= R. H. Shaw =

Richard Hussey Shaw (c. 1832 – 22 October 1895), dubbed "the Bush Artist", was a South Australian painter, whose early works are valued as records of Australian Aboriginal life in the earliest days of European settlement.

==History==
Shaw was a son of George Reynolds Shaw of H M. 28th Regiment of Foot, who died in Liverpool in 1889; and grandson of Major H J. Shaw, of the Guards for H.R.H. the Duke of York. He arrived in South Australia some time around 1852.

He lived for some years at Glenelg, and worked as a scene painter, later at Port Lincoln, where he as known as a sailor and fisherman. In later years he lived in the city of Adelaide, at Hurtle Square, where he eked out a living producing Christmas cards and other artistic works in oils and pencil. He was particularly known for paintings of Aboriginal life.
The Pictorial Australian of September 1893 carried a supplement of sketches by Shaw.
He was a total abstainer and a generous worker for charitable causes.

He was also known as a versifier on topical subjects: The drought in India, The wreck of the Star of Greece, The Fire at Franklin Harbour raising money for the McCarthy family —A farmer who lost his wife and six of their children in a fire of suspicious origin— and Wreck of H.M. Flagship Victoria.

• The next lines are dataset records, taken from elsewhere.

Definition defect_bound (W : {set V}) : Prop :=
  forall q, (k * (q + #|core W|) <= #|W|)%N ->
    Cnorm (Zsub W) <= (/2) ^ q * Cnorm (Zsub (cover (core W))).

Definition bounds (W : {set V}) : Prop := closed_bound W /\ defect_bound W.

Section Induction.
Variable n : nat.
Hypothesis IH : forall W : {set V}, (#|W| < n)%N -> bounds W.

Lemma removal_bound (B J : {set {set V}}) : B \subset M -> J \subset B ->
  (#|cover B| < n)%N -> Cnorm (Zsub (cover (B :\: J))) <= 2 ^ #|J| * Cnorm (Zsub (cover B)).
Proof.
move Hm : #|J| => m; elim: m B J Hm => [|m IHm] B J hJ BM JB hn.
  by rewrite (cards0_eq hJ) setD0 /=; lra.
have [e eJ] : exists e, e \in J by apply/card_gt0P; rewrite hJ.
have eB := subsetP JB e eJ.
have -> : B :\: J = (B :\ e) :\: (J :\ e).
  by apply/setP => g; rewrite !inE; case: (eqVneq g e) => [-> | _]; rewrite ?eJ.
apply: Rle_trans (IHm (B :\ e) (J :\ e) _ _ _ _) _.
- by move: hJ; rewrite (cardsD1 e) eJ add1n => -[].
- exact: subset_trans (subsetDl _ _) BM.
- exact: setSD.
- exact: ltn_trans (card_cover_delete BM eB) hn.
have := ((IH hn).1 B BM erefl).2 e eB; rewrite -cover_delete // => h.
have hp := pow_le 2 m ltac:(lra).
by rewrite /= (Rmult_comm 2 (2 ^ m)) Rmult_assoc; exact: Rmult_le_compat_l hp h.
Qed.

Lemma defect_removal_bound (W' : {set V}) (B J : {set {set V}}) (q : nat) :
  B \subset M -> J \subset B -> (#|cover B| < n)%N -> (#|W'| < n)%N ->
  core W' = B :\: J -> (k * (q + #|B :\: J|) <= #|W'|)%N ->
  Cnorm (Zsub W') <= (/2) ^ q * 2 ^ #|J| * Cnorm (Zsub (cover B)).
Proof.
move=> BM JB hB hW' coreW' hq.
have := (IH hW').2 q; rewrite coreW' => /(_ hq) h1.
have := removal_bound BM JB hB; have := pow_le (/2) q ltac:(lra); nra.
Qed.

In 1895 he was reported as seriously ill and confined to his house. He had the support of friends and the local newspapers but maintained a precarious living as his infirmity progressed.
Friends organised a concert to raise money.

His wife Fanny, often a pet name for "Frances", died in the Adelaide hospital in 1892.
Shaw died in the Adelaide Hospital of "general debility" three years later. His two daughters, aged 10 and 19 were left without any means of support.

==Family life==
His older son Richard Arundel Shaw (born in Burra 1862) was charged with vagrancy in 1874 and sentenced to the Industrial School for two years, Shaw to pay 20s. per month for his upkeep. Their mother, about whom nothing has been found, was admitted to be of unsound mind and living in Wallaroo. Their second son, William James Shaw (born 1868), was also uncontrollable and later in 1874 placed in the Industrial School for six months. Three years later he was convicted of vagrancy.

Shaw married Fanny Woodcock (c. 1847–1892) in 1875. He already had at least the two sons mentioned above, about whom nothing further has been found; their two daughters survived:
- Frances May Shaw (11 April 1876 – 1968) married Charles Bronner (died 26 February 1944) on 24 December 1907, lived at 3 Arundel avenue, Millswood.
- Eleanora Woodcock Shaw (1883 – 1900)

Little has been found about Fanny Shaw. In 1878 she was given a baby to mind by its grandmother, who was presumably anxious to avoid the social stigma of an illegitimate birth in the family. It died a week later from malnutrition.

==Works==
Shaw was a prolific painter and many of his works are in galleries or collections. Four are mentioned in Design & Art Australia Online:
- Blacks in Full War Dress, undated watercolor held by the Art Gallery of South Australia
- Greenhill Road, Hazlewood Park, undated watercolor held by the Art Gallery of South Australia
- Aborigines in a Landscape, sold in Melbourne in 1974
- Aboriginals on the Murray River (1878), sold in Sydney in 1989

In 1946, Una Gertrude Saunders, of Regent street, Millswood, donated a set of framed paintings and sketches by Shaw to the board of the South Australian Museum.

The Artist at Work
A Native Group
An Encampment

==Recognition==
The well-known South Australian portrait painter Andrew MacCormac is reported to have faithfully captured Shaw's likeness. Shaw is shown tramping through the bush, suitably attired, with a sketch book under his arm. The painting, titled "Bush Artist", was one of MacCormac's showings at the Adelaide Easel Club's 1893 Autumn Exhibition.
The whereabouts of this painting are not known.